We ignore the worst estimates of climate change — catastrophic warming topping 4 or 6 degrees Celsius — at our peril, says economist Martin Weitzman.
Climate change’s uncertainty — a product of the complexity of the natural systems involved and the vagaries of human efforts at mitigation — have led not to precise forecasts of future warming, but rather a range of likely temperature increases.
Weitzman said that the middle values of that range — in which effects would be difficult, but manageable — are cited so routinely that the upper end is too often forgotten, even though the warming at that level would be catastrophic and the chances are not negligible. Under optimistic scenarios of atmospheric carbon dioxide levels, there is a 10 percent chance that warming will top 4 degrees Celsius and a 3 percent chance it will top 6 degrees, he said.
Weitzman offered his perspective in a five-minute video, part of the Center for the Environment project “Harvard Speaks on Climate Change.” Thirty-five videos, featuring Harvard experts in science, business, law, health, economics, engineering, public policy, design, and the arts, have been assembled over the last year and a half as a resource for members of the public who want to learn more about climate change.

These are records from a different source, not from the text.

(* Let $G$ be a compactly generated, totally disconnected, locally compact group, let $\Gamma$ be a Cayley–Abels graph for $G$ of degree $d$, let $K$ be the kernel of the action of $G$ on $\Gamma$, and let $L\le S_d$ be the local action of $G$ on $\Gamma$. If $A$ belongs to the local simple content of $G/K$, then $A$ is a subquotient of a point stabilizer of $L$: there exist $i\in\{1,\dots,d\}$ and subgroups $N\trianglelefteq H\le L_i$ with $H/N\cong A$, where $L_i$ is the stabilizer of $i$ in $L$. In particular $A$ is isomorphic to a subquotient of $S_{d-1}$.
   Context: A Cayley–Abels graph for a totally disconnected, locally compact group $G$ is a connected, locally finite simple graph $\Gamma$ with an action of $G$ by automorphisms (not necessarily faithful) that is vertex-transitive with compact open vertex stabilizers. The local action is the permutation group, viewed as a subgroup of $S_d$ up to conjugacy, induced by a vertex stabilizer $G_\alpha$ on the neighbourhood $\Gamma(\alpha)$. A subquotient of a group is a quotient of one of its subgroups. For a second countable profinite group, a composition series is a countable descending chain of closed subgroups, each normal in the previous, with trivial intersection and simple (finite) successive quotients; its composition factors are independent of the series. The local simple content of a second countable, totally disconnected, locally compact group is the set of isomorphism classes of finite simple groups that are composition factors of every compact open subgroup. *)

From HB Require Import structures.
From mathcomp Require Import all_boot all_order all_algebra all_fingroup all_solvable.
From mathcomp Require Import all_classical all_reals all_analysis.
From Stdlib Require Import Relations.

Set Implicit Arguments.
Unset Strict Implicit.
Unset Printing Implicit Defensive.

Local Open Scope classical_set_scope.

Record tgroup (G : topologicalType) := TGroup {
  tmul : G -> G -> G;
  tinv : G -> G;
  tone : G;
  tmulA : forall x y z, tmul x (tmul y z) = tmul (tmul x y) z;
  tmul1g : forall x, tmul tone x = x;
  tmulVg : forall x, tmul (tinv x) x = tone;
  tmul_cont : continuous (fun p : G * G => tmul p.1 p.2);
  tinv_cont : continuous tinv }.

The project is the brainchild of the center’s director, Daniel Schrag, the Sturgis Hooper Professor of Geology and a professor of environmental science and engineering. The videos, which went live in the fall, are paired with explanatory and background material. As a resource they fit with the ongoing Harvard Climate Week, which includes a series of public events across campus.
The breadth of perspectives that Harvard faculty members bring to climate change has impressed Schrag in his years working on the problem. He wanted to share those perspectives with the public.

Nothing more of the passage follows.